Univariable proportional hazard Cox regressions were performed to estimate the hazard ratios of being diagnosed with SARS-CoV-2 infection, according to factors analysed after the third dose administration and the immune response measurement. Factors with p < 0.2 at the univariable were entered into the respective multivariable model. We identified the factors associated with a lower risk of infection using statistical analysis, and we defined these factors as protective. In Cox models, the proportional hazards assumption was tested using the Schoenfeld residuals. In the case of non-proportional hazards, a weighted Cox regression was conducted to evaluate whether estimates substantially confirmed those obtained from standard Cox regression [27]. A p-value less than 0.05 was considered statistically significant.

3. Results

3.1. Patients

Within a cohort of 250 RA patients, we enrolled 194 patients who satisfied the inclusion criteria.

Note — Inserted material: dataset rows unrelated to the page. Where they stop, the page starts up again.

(* Let $V$ be a finite-dimensional real vector space, $\phi\in\mathrm{End}(V)\setminus\{0\}$ and $W=\mathrm{im}(\phi)$. Then the map \[V^*\oplus C_{sl}(W)\to\mathcal{Q}(\mathfrak{g}_\phi),\quad(\alpha,c)\mapsto\zeta_{\alpha,c}\] is a linear isomorphism, where $\zeta_{\alpha,c}(v,t)=c(\phi(v)/t)\,t+\alpha(v)$ for $t\ne 0$ and $\zeta_{\alpha,c}(v,0)=\alpha(v)$. In particular $\mathcal{Q}(\mathfrak{g}_\phi)$ is infinite-dimensional.
   Context: $\mathfrak{g}_\phi$ is $V\times\mathbb{R}$ with bracket $[(v,s),(w,t)]=(s\phi(w)-t\phi(v),0)$. $\mathcal{Q}(\mathfrak{g}_\phi)$ is the space of continuous Lie quasi-states, i.e. continuous $\zeta:\mathfrak{g}_\phi\to\mathbb{R}$ with $\zeta(aX+bY)=a\zeta(X)+b\zeta(Y)$ for all $a,b\in\mathbb{R}$ and commuting $X,Y$. $C_{sl}(W)$ is the space of continuous sublinear functions $c:W\to\mathbb{R}$, i.e. $c(w)/\|w\|\to 0$ as $w\to\infty$. *)

From Stdlib Require Import Reals.
From mathcomp Require Import ssreflect ssrfun ssrbool eqtype ssrnat fintype bigop.
Set Implicit Arguments.
Unset Strict Implicit.
Open Scope R_scope.

(* V = R^n (any finite-dimensional real vector space, in coordinates). *)
Definition V (n : nat) := 'I_n -> R.

Definition vadd n (v w : V n) : V n := fun i => v i + w i.
Definition vsub n (v w : V n) : V n := fun i => v i - w i.
Definition vscale n (a : R) (v : V n) : V n := fun i => a * v i.
Definition vzero n : V n := fun _ => 0%R.
Arguments vzero n : clear implicits.

(* max norm (all norms on R^n are equivalent) *)
Definition vnorm n (v : V n) : R := \big[Rmax/0%R]_(i < n) Rabs (v i).

Definition is_linear_map n (phi : V n -> V n) : Prop :=
  (forall v w, phi (vadd v w) = vadd (phi v) (phi w)) /\
  (forall a v, phi (vscale a v) = vscale a (phi v)).

Definition is_dual n (alpha : V n -> R) : Prop :=
  (forall v w, alpha (vadd v w) = alpha v + alpha w) /\
  (forall a v, alpha (vscale a v) = a * alpha v).

Definition W n (phi : V n -> V n) := { w : V n | exists v, phi v = w }.

Definition Wval n (phi : V n -> V n) (w : W phi) : V n := proj1_sig w.

Definition Wof n (phi : V n -> V n) (v : V n) : W phi :=
  exist (fun w => exists v', phi v' = w) (phi v) (@ex_intro (V n) (fun v' => phi v' = phi v) v (@Logic.eq_refl _ (phi v))).

Definition W_continuous n (phi : V n -> V n) (c : W phi -> R) : Prop :=
  forall (w : W phi) (eps : R), 0 < eps -> exists delta, 0 < delta /\
    forall w' : W phi, vnorm (vsub (Wval w') (Wval w)) < delta ->
      Rabs (c w' - c w) < eps.

Definition W_sublinear n (phi : V n -> V n) (c : W phi -> R) : Prop :=
  forall eps : R, 0 < eps -> exists M : R, forall w : W phi,
    M < vnorm (Wval w) -> Rabs (c w) <= eps * vnorm (Wval w).

Definition is_Csl n (phi : V n -> V n) (c : W phi -> R) : Prop :=
  W_continuous c /\ W_sublinear c.

Definition gphi n := (V n * R)%type.

Definition gadd n (X Y : gphi n) : gphi n := (vadd (fst X) (fst Y), snd X + snd Y).
Definition gscale n (a : R) (X : gphi n) : gphi n := (vscale a (fst X), a * snd X).

Definition gbracket n (phi : V n -> V n) (X Y : gphi n) : gphi n :=
  (vsub (vscale (snd X) (phi (fst Y))) (vscale (snd Y) (phi (fst X))), 0%R).

Definition gzero n : gphi n := (vzero n, 0%R).
Arguments gzero n : clear implicits.

Definition g_continuous n (zeta : gphi n -> R) : Prop :=
  forall (X : gphi n) (eps : R), 0 < eps -> exists delta, 0 < delta /\
    forall Y : gphi n,
      vnorm (vsub (fst Y) (fst X)) < delta -> Rabs (snd Y - snd X) < delta ->
      Rabs (zeta Y - zeta X) < eps.

Definition is_LQS n (phi : V n -> V n) (zeta : gphi n -> R) : Prop :=
  g_continuous zeta /\
  forall (X Y : gphi n) (a b : R), gbracket phi X Y = gzero n ->
    zeta (gadd (gscale a X) (gscale b Y)) = a * zeta X + b * zeta Y.

(* zeta_{alpha,c}(v,t) = c(phi(v)/t) t + alpha(v) (t <> 0), alpha(v) (t = 0);
   phi(v)/t is written phi(v/t), which is the same vector by linearity. *)
Definition zeta_of n (phi : V n -> V n) (alpha : V n -> R) (c : W phi -> R)
    (X : gphi n) : R :=
  let (v, t) := X in
  match Req_EM_T t 0 with
  | left _ => alpha v
  | right _ => c (Wof phi (vscale (/ t) v)) * t + alpha v
  end.

(* Two elements (v, s) and (w, t) of g_phi commute iff phi v and phi w are the
   multiples s P and t P of a common P in W, and zeta_{alpha,c} is linear along each
   such ray.  Conversely a quasi-state zeta is recovered from alpha = zeta(., 0) and
   c(phi x) = zeta(x, 1) - zeta(x, 0), which does not depend on the preimage x because
   (k, 0) is central for k in ker phi.  Analytically, continuity of zeta_{alpha,c} at
   t = 0 is the sublinearity of c; conversely c is sublinear because zeta is
   homogeneous and uniformly continuous on (ball) x (t near 0).  Bumps supported near
   the spheres |w| = k + 1 give infinitely many independent quasi-states. *)

From Stdlib Require Import Reals Lra Psatz FunctionalExtensionality ProofIrrelevance IndefiniteDescription List.
From mathcomp Require Import ssreflect ssrfun ssrbool eqtype ssrnat seq fintype bigop.
From mathcomp Require Import ssralg matrix mxalgebra Rstruct.
Open Scope R_scope.
Set Implicit Arguments.
Unset Strict Implicit.

Ltac vext := apply: functional_extensionality => ?; rewrite /vadd /vsub /vscale /vzero.

Section Norm.
Variable n : nat.
Implicit Types (u v w : V n).

Lemma vnorm_ge0 v : 0 <= vnorm v.
Proof.
rewrite /vnorm; elim/big_ind: _ => [|x y hx _|i _]; first lra.
- exact: Rle_trans hx (Rmax_l _ _).
- exact: Rabs_pos.
Qed.

Lemma vnorm_le v B : 0 <= B -> (forall j, Rabs (v j) <= B) -> vnorm v <= B.
Proof. by move=> hB hj; rewrite /vnorm; elim/big_ind: _ => // x y; apply: Rmax_lub. Qed.

Lemma vnorm_lt v B : 0 < B -> (forall j, Rabs (v j) < B) -> vnorm v < B.
Proof. by move=> hB hj; rewrite /vnorm; elim/big_ind: _ => // x y; apply: Rmax_lub_lt. Qed.

Lemma coord_le_vnorm v j : Rabs (v j) <= vnorm v.
Proof.
rewrite /vnorm; have: j \in index_enum 'I_n by rewrite mem_index_enum.
elim: (index_enum 'I_n) => // i s IH; rewrite inE big_cons => /orP [/eqP ->|hs].
- exact: Rmax_l.
- exact: Rle_trans (IH hs) (Rmax_r _ _).
Qed.

Lemma vnorm_add_le u v : vnorm (vadd u v) <= vnorm u + vnorm v.
Proof.
apply: vnorm_le => [|j]; first by have := vnorm_ge0 u; have := vnorm_ge0 v; lra.
apply: Rle_trans (Rabs_triang _ _) _.
by have := coord_le_vnorm u j; have := coord_le_vnorm v j; lra.
Qed.

Lemma vnorm_scale_le a v : vnorm (vscale a v) <= Rabs a * vnorm v.
Proof.
apply: vnorm_le => [|j]; first exact: Rmult_le_pos (Rabs_pos _) (vnorm_ge0 _).
rewrite /vscale Rabs_mult; apply: Rmult_le_compat_l; [exact: Rabs_pos | exact: coord_le_vnorm].
Qed.

Lemma vnorm_scale a v : vnorm (vscale a v) = Rabs a * vnorm v.
Proof.
apply: Rle_antisym; first exact: vnorm_scale_le.
have [->|ha] := Req_dec a 0; first by rewrite Rabs_R0 Rmult_0_l; exact: vnorm_ge0.
have hv : vscale (/ a) (vscale a v) = v by vext; field.
have := vnorm_scale_le (/ a) (vscale a v); rewrite hv Rabs_inv => h.
have hpos := Rabs_pos_lt _ ha.
apply: (Rmult_le_reg_l (/ Rabs a)); first exact: Rinv_0_lt_compat.
by rewrite -Rmult_assoc Rinv_l ?Rmult_1_l; lra.
Qed.

Lemma vnorm_sub_sym u v : vnorm (vsub u v) = vnorm (vsub v u).
Proof.
have -> : vsub u v = vscale (-1) (vsub v u) by vext; ring.
by rewrite vnorm_scale Rabs_Ropp Rabs_R1 Rmult_1_l.
Qed.

Lemma vnorm_le_sub u v : vnorm u <= vnorm (vsub u v) + vnorm v.
Proof.
have {1}-> : u = vadd (vsub u v) v by vext; ring.
exact: vnorm_add_le.
Qed.

Lemma vnorm_dist_le u v : Rabs (vnorm u - vnorm v) <= vnorm (vsub u v).
Proof.
have := vnorm_le_sub u v; have := vnorm_le_sub v u; rewrite (vnorm_sub_sym v u).
move=> h1 h2; apply: Rabs_le; lra.
Qed.

Lemma vnorm_gt0 v : v <> vzero n -> 0 < vnorm v.
Proof.
move=> hv; have [//|h0] := Rle_lt_or_eq_dec _ _ (vnorm_ge0 v).
case: hv; apply: functional_extensionality => j.
have := coord_le_vnorm v j; rewrite -h0 /vzero => h.
by have := Rle_abs (v j); have := Rle_abs (- v j); rewrite Rabs_Ropp; lra.
Qed.

End Norm.

Definition list_min {A : Type} (f : A -> R) (l : list A) : R :=
  fold_right (fun x m => Rmin (f x) m) 1 l.

Lemma list_min_gt0 {A : Type} (f : A -> R) l : (forall x, 0 < f x) -> 0 < list_min f l.
Proof. by move=> hf; elim: l => [|a l IH] /=; [lra | apply: Rmin_glb_lt]. Qed.

Lemma list_min_le {A : Type} (f : A -> R) l x : In x l -> list_min f l <= f x.
Proof.
elim: l => [|a l IH] //= [->|h]; first exact: Rmin_l.
exact: Rle_trans (Rmin_r _ _) (IH h).
Qed.

Definition list_max {A : Type} (f : A -> R) (l : list A) : R :=
  fold_right (fun x m => Rmax (f x) m) 0 l.

Lemma list_max_ge {A : Type} (f : A -> R) l x : In x l -> f x <= list_max f l.
Proof.
elim: l => [|a l IH] //= [->|h]; first exact: Rmax_l.
exact: Rle_trans (IH h) (Rmax_r _ _).
Qed.
Lemma disj_of_designated_or L :
  (forall x y, designatedb (orM L (x, y)) = designatedb x || designatedb y) ->
  forall G A B C, Defs.cons L (setU1 G (Or A B)) C <->
                  Defs.cons L (setU1 G A) C /\ Defs.cons L (setU1 G B) C.
Proof.
move=> hor G A B C; split=> [/consP H | [/consP HA /consP HB]].
  split; apply/consP=> nu nuL; have [_ _ _ nuO _] := nuL;
    case: (H nu nuL) => [[D [[GD|->] D_f]]|];
    try by [left; exists D; split=> //; left | right];
    move/(congr1 designatedb): D_f; rewrite nuO hor;
    move=> /norP[/designatedbN ? /designatedbN ?];
    by left; eexists; split; [right; reflexivity |].
apply/consP=> nu nuL; have [_ _ _ nuO _] := nuL.
case: (HA nu nuL) => [[D [[GD|->] A_f]]|];
  [by left; exists D; split=> //; left | | by right].
case: (HB nu nuL) => [[E [[GE|->] B_f]]|];
  [by left; exists E; split=> //; left | | by right].
left; exists (Or A B); split; first by right.
by apply: designatedbN; rewrite nuO hor A_f B_f.
Qed.

(* For (a, e) = (f, t) this is strong Kleene conjunction, for (t, f)
   disjunction. *)
Definition absorb_op (a e : V) : {ffun V * V -> V} :=
  [ffun xy => if (xy.1 == a) || (xy.2 == a) then a
              else if xy.1 == e then xy.2 else xy.1].

Definition absorb_laws (a e : V) (op : V * V -> V) : Prop :=
  [/\ forall x, op (x, a) = a, forall x, op (x, e) = x,
      forall x, op (x, x) = x & forall x y, op (x, y) = op (y, x)].

Lemma eq_third_value (a e x y : V) :
  a <> e -> x <> a -> x <> e -> y <> a -> y <> e -> x = y.
Proof. by case: a; case: e; case: x; case: y. Qed.

Section AbsorbOp.

Variables a e : V.
Hypothesis a_neq_e : a <> e.

Lemma absorb_op_laws : absorb_laws a e (absorb_op a e).
Proof.
have e_a : (e == a) = false by apply/eqP => /esym.
split=> [x | x | x | x y]; rewrite !ffunE /=.
- by rewrite eqxx orbT.
- rewrite e_a orbF; have [->|_] := eqVneq x a => //.
  by have [->|] := eqVneq x e.
- rewrite orbb; have [->|_] := eqVneq x a => //.
  by case: (x == e).
rewrite orbC; case: ifP => // /norP[y_a x_a].
case: ifP => [/eqP-> | /negbT x_e]; case: ifP => [/eqP | /negbT y_e] //.
by apply: (@eq_third_value a e) => //; apply/eqP.
Qed.
(* A step choice: the list of blocks (C_i, b_i). *)
Definition choice_t := seq ({set 'I_n} * nat).
(* The outcome of one step: the list of sampled batches B_i (aligned with blocks). *)
Definition outcome := seq (seq 'I_n).
(* A history: outcomes of past steps, most recent first. *)
Definition history := seq outcome.

Definition valid_choice (ch : choice_t) : Prop :=
  (forall j : 'I_n, count (fun p : {set 'I_n} * nat => j \in p.1) ch = 1%N) /\
  (forall p, p \in ch -> p.1 != finset.set0 /\ (0 < p.2)%N).

(* Expectation of F over b i.i.d. uniform draws (with replacement) from C. *)
Fixpoint Ex_draws (C : {set 'I_n}) (b : nat) (F : seq 'I_n -> R) : R :=
  match b with
  | 0%N => F [::]
  | b'.+1 => #|C|%:R^-1 * \sum_(x in C) Ex_draws C b' (fun s => F (x :: s))
  end.

Fixpoint Ex_step (ch : choice_t) (F : outcome -> R) : R :=
  match ch with
  | [::] => F [::]
  | (C, b) :: rest => Ex_draws C b (fun B => Ex_step rest (fun Bs => F (B :: Bs)))
  end.

Definition stoch_grad (grad : 'I_n -> vec -> vec) (ch : choice_t) (o : outcome)
    (w : vec) : vec :=
  n%:R^-1 *: \sum_(pB <- zip ch o)
     ((#|pB.1.1|%:R / pB.1.2%:R) *: \sum_(s <- pB.2) grad s w).

Variables (grad : 'I_n -> vec -> vec) (strat : history -> choice_t) (eta : nat -> R).

(* Iterate w_{t} after history h of length t-1 (w_1 = 0). *)
Fixpoint iterate (h : history) : vec :=
  match h with
  | [::] => 0
  | o :: h' => iterate h' - eta (size h').+1 *: stoch_grad grad (strat h') o (iterate h')
  end.

Fixpoint ExT (m : nat) (F : history -> R) (h : history) : R :=
  match m with
  | 0%N => F h
  | m'.+1 => Ex_step (strat h) (fun o => ExT m' F (o :: h))
  end.

(* Conditional variance V_t of g_t given history h (of length t-1). *)
Definition Vcond (h : history) : R :=
  Ex_step (strat h) (fun o =>
    sqnorm (stoch_grad grad (strat h) o (iterate h) - gradavg grad (iterate h))).

End SGD.

From HB Require Import structures.
From mathcomp Require Import all_boot all_order all_algebra.
From mathcomp Require Import all_classical all_reals all_analysis.
From mathcomp Require Import ring lra.
Import Order.TTheory GRing.Theory Num.Theory.
Set Implicit Arguments. Unset Strict Implicit. Unset Printing Implicit Defensive.
Local Open Scope ring_scope.

(* With eta_t = 1/(a + H t) <= gam, smoothness bounds P(w_(t+1)) in terms of g_t; since the
   stratified estimator g_t is unbiased, E |g_t|^2 = |grad P(w_t)|^2 + V_t, and strong convexity
   then gives the potential inequality
     E P(w_(t+1)) - P(wstar) + (a + H t)/2 E|w_(t+1) - wstar|^2
       <= (a + H (t-1))/2 E|w_t - wstar|^2 + E V_t / (a + H t).
   Summing over t telescopes down to a/2 |w_1 - wstar|^2 = a/2 |wstar|^2, and a minimum is at
   most the average. *)

Section InnerProduct.
Variables (R : realType) (d : nat).
Implicit Types (u v w : 'rV[R]_d).

Lemma dotvC u v : dotv u v = dotv v u.
Proof. by apply: eq_bigr => j _; rewrite mulrC. Qed.
Lemma coldist_le2 X i j : norm12 X <= 1 -> coldist X i j <= 2.
Proof.
move=> X_le1; have col_le1 k : vnorm (col k X) <= 1.
  by rewrite -colnormE; apply: le_trans X_le1; exact: le_bigmax.
rewrite coldistE; apply: le_trans (vnormB_le _ _) _.
by have := col_le1 i; have := col_le1 j; lra.
Qed.

Definition residual X Y p Q t j := col j X - Q *m col (p j) Y + t.

Lemma procrustes_costE X Y p Q t :
  procrustes_cost X Y p Q t = \sum_j dot (residual X Y p Q t j) (residual X Y p Q t j).
Proof.
apply: eq_bigr => j _; apply: eq_bigr => i _; rewrite expr2 !mxE.
by congr ((_ - _ + _) * (_ - _ + _)); apply: eq_bigr => k _; rewrite !mxE.
Qed.

Lemma procrustes_cost_ge0 X Y p Q t : 0 <= procrustes_cost X Y p Q t.
Proof. by rewrite procrustes_costE sumr_ge0 // => j _; exact: dotvv_ge0. Qed.

Lemma hgw_cost_ge0 X Y p : 0 <= hgw_cost X Y p.
Proof. by apply: sumr_ge0 => i _; apply: sumr_ge0. Qed.

Lemma hgw_le_procrustes X Y p Q t : Defs.is_orthogonal Q ->
  hgw_cost X Y p <= 2 * (n%:R * Num.sqrt n%:R) * Num.sqrt (procrustes_cost X Y p Q t).
Proof.
move=> Q_orth; pose e := residual X Y p Q t.
have dist_le i j :
    `|coldist X i j - coldist Y (p i) (p j)| <= vnorm (e i) + vnorm (e j).
  rewrite !coldistE -[vnorm (col (p i) Y - _)](orthogonal_vnorm _ Q_orth) mulmxBr.
  apply: le_trans (vnorm_dist_le _ _) _.
  have -> : col i X - col j X - (Q *m col (p i) Y - Q *m col (p j) Y) = e i - e j.
    by apply/matrixP => a b; rewrite !mxE; ring.
  exact: vnormB_le.
have sum_le : \sum_i vnorm (e i) <= Num.sqrt n%:R * Num.sqrt (procrustes_cost X Y p Q t).
  by rewrite procrustes_costE -[in Num.sqrt n%:R](card_ord n); exact: sum_vnorm_le.
apply: le_trans (_ : _ <= \sum_i \sum_j (vnorm (e i) + vnorm (e j))) _.
  by apply: ler_sum => i _; apply: ler_sum => j _; exact: dist_le.
have -> : \sum_i \sum_j (vnorm (e i) + vnorm (e j)) = 2 * n%:R * \sum_i vnorm (e i).
  under eq_bigr do rewrite big_split /= sumr_const card_ord.
  rewrite big_split /= sumr_const card_ord sumrMnl.
  by rewrite -natrM mulr_natl mulnC mulrnA mulr2n.
by apply: le_trans (ler_wpM2l _ sum_le) _; rewrite ?mulr_ge0 ?ler0n // !mulrA.
Qed.

Definition procrustes_costs X Y := [set c | exists p Q t,
  Defs.is_orthogonal Q /\ c = procrustes_cost X Y p Q t].

Lemma procrustes_costs_neq0 X Y : procrustes_costs X Y !=set0.
Proof.
exists (procrustes_cost X Y 1%g 1%:M 0), 1%g, 1%:M, 0.
by rewrite /Defs.is_orthogonal trmx1 mul1mx.
Qed.

Lemma dG_sqr_le X Y p Q t : Defs.is_orthogonal Q ->
  dG X Y ^+ 2 <= procrustes_cost X Y p Q t.
Proof.
move=> Q_orth; rewrite sqr_sqrtr; last first.
  apply: lb_le_inf; first exact: procrustes_costs_neq0.
  by move=> _ [p' [Q' [t' [_ ->]]]]; exact: procrustes_cost_ge0.
apply: ge_inf; last by exists p, Q, t.
by exists 0 => _ [p' [Q' [t' [_ ->]]]]; exact: procrustes_cost_ge0.
Qed.

Lemma dD_le_hgw X Y p : dD X Y <= hgw_cost X Y p.
Proof. by apply: ge_inf; [exists 0 => _ [q ->]; exact: hgw_cost_ge0 | exists p]. Qed.

Lemma le_dD X Y L : (forall p, L <= hgw_cost X Y p) -> L <= dD X Y.
Proof.
by move=> L_le; apply: lb_le_inf => [|_ [p ->] //]; exists (hgw_cost X Y 1%g), 1%g.
Qed.

Lemma dD_le_dG X Y : (0 < n)%N ->
  dD X Y <= 2 * (n%:R * Num.sqrt n%:R) * dG X Y.
Proof.
move=> n_gt0; set K := 2 * _.
have K_gt0 : 0 < K by rewrite !mulr_gt0 ?ltr0n ?sqrtr_gt0 ?ltr0n.
have q_ge0 : 0 <= dD X Y / K.
  by apply: divr_ge0 (ltW K_gt0); apply: le_dD => p; exact: hgw_cost_ge0.
rewrite mulrC -ler_pdivrMr // /dG -(ger0_norm q_ge0) -sqrtr_sqr; apply: ler_wsqrtr.
apply: lb_le_inf => [|_ [p [Q [t [Q_orth ->]]]]].
  exact: procrustes_costs_neq0.
rewrite -[procrustes_cost _ _ _ _ _]sqr_sqrtr ?procrustes_cost_ge0 //.
rewrite ler_sqr ?nnegrE ?sqrtr_ge0 // ler_pdivrMr // mulrC.
exact: le_trans (dD_le_hgw X Y p) (hgw_le_procrustes X Y p t Q_orth).
Qed.

Lemma sum_sqr_sqdist_le X Y p : norm12 X <= 1 -> norm12 Y <= 1 ->
  \sum_i \sum_j (coldist X i j ^+ 2 - coldist Y (p i) (p j) ^+ 2) ^+ 2 <=
  16 * hgw_cost X Y p ^+ 2.
Proof.
move=> X_le1 Y_le1.
apply: (@le_trans _ _ (16 * \sum_i \sum_j (coldist X i j - coldist Y (p i) (p j)) ^+ 2)).
  rewrite mulr_sumr; apply: ler_sum => i _; rewrite mulr_sumr; apply: ler_sum => j _.
  by apply: sqr_subr_sqr_le; rewrite ?coldist_ge0 ?coldist_le2.
by rewrite ler_wpM2l // /hgw_cost !pair_bigA /=; exact: sum_sqr_le_sqr_sum_norm.
Qed.
(* Suppose the registers $R_1[j]$, $R_2[j]$, $C_1[j]$ ($j\ge 0$) of the Weakener algorithm (described in the context) are strongly linearizable, and the algorithm is run against a strong adversary. Then for every round $j \ge 0$, with probability at least $1/2$, no process enters round $j+1$.
   Context: Model: an asynchronous shared-memory system of $n\ge 3$ processes $p_0,\dots,p_{n-1}$ that may fail by crashing. A strong adversary is a scheduler that sees the entire history so far, including the results of all coin flips made so far, and chooses adaptively which process takes the next step. A ''strongly linearizable register'' means an implemented register whose implementation is strongly linearizable. Strong linearizability: a set of histories $\mathcal{H}$ is strongly linearizable if there is a function $f$ from the prefix-closure of $\mathcal{H}$ to sequential histories such that (L) for every $H$ in the prefix-closure, $f(H)$ is a linearization of $H$ (a sequential history consistent with the real-time order of non-overlapping operations of $H$ and with the objects' sequential specifications), and (P) whenever $G$ is a prefix of $H$ (both in the prefix-closure), $f(G)$ is a prefix of $f(H)$. Weakener algorithm. Shared registers, for each $j = 0,1,2,\dots$: $R_1[j]$, a multi-writer multi-reader register initialized to $\bot$; $C_1[j]$, a register written only by $p_0$, initialized to $-1$; $R_2[j]$, a register initialized to $\textsc{false}$. Code of $p_i$ for $i \in \{0,1\}$: for rounds $j=0,1,2,\dots$: (Phase 1) write $i$ into $R_1[j]$; if $i=0$, flip a fair coin (outcome in $\{0,1\}$) and write the outcome into $C_1[j]$; (Phase 2) read $R_2[j]$ into local variable $v_1$; if $v_1 = \textsc{false}$, exit the for loop. After the loop: return. Code of $p_i$ for $i \in \{2,\dots,n-1\}$: for rounds $j=0,1,2,\dots$: (Phase 1) read $R_1[j]$ into $u_1$; read $R_1[j]$ into $u_2$; read $C_1[j]$ into $c_1$; if $u_1 \ne c_1$ or $u_2 \ne 1-c_1$, exit the for loop; (Phase 2) write $\textsc{true}$ into $R_2[j]$. After the loop: return. *)

From mathcomp Require Import all_boot all_algebra.
Require Stdlib.Lists.List.
Set Implicit Arguments. Unset Strict Implicit. Unset Printing Implicit Defensive.
Import GRing.Theory Num.Theory.

Inductive value := VBot | VInt of int | VBool of bool | VAck.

The demographic, clinical and lifestyle characteristics of the patients are described in Table 1. As a control group, we evaluated 1002 HCWs.

All RA patients were under immunosuppressive therapy: 32% were receiving only conventional synthetic disease-modifying antirheumatic drugs (csDMARDs), 20.1% Tumour Necrosis Factor (TNF)-α inhibitors, 19.6% Cytotoxic T-Lymphocyte Antigen 4-Immunoglobulin (CTLA4-Ig), 9.3% anti-IL6R monoclonal antibody, 25.3% Janus kinase (JAK) inhibitors, 5.7% anti-CD20 monoclonal antibody and 17.1% glucocorticoids (GCs).

3.2. Risk of Breakthrough Infections and Clinical Parameters

Among the RA patients, 42.3% (82/194) had BI after a median time since last vaccination of 176 days [interquartile range (IQR): 118–268]; 26.8% (22/82) patients received early therapy with antivirals or monoclonal antibodies (Table 1). As shown in the Kaplan–Meier curves, subjects younger than 50 years had a significantly higher probability of BI compared to the older subjects (p = 0.002) (Figure 1A), whereas subjects taking only csDMARDs had a lower probability of BI (p = 0.063) (Figure 1B); on the other hand, anti-IL6R increased the probability of BI (p = 0.020) (Figure 1C).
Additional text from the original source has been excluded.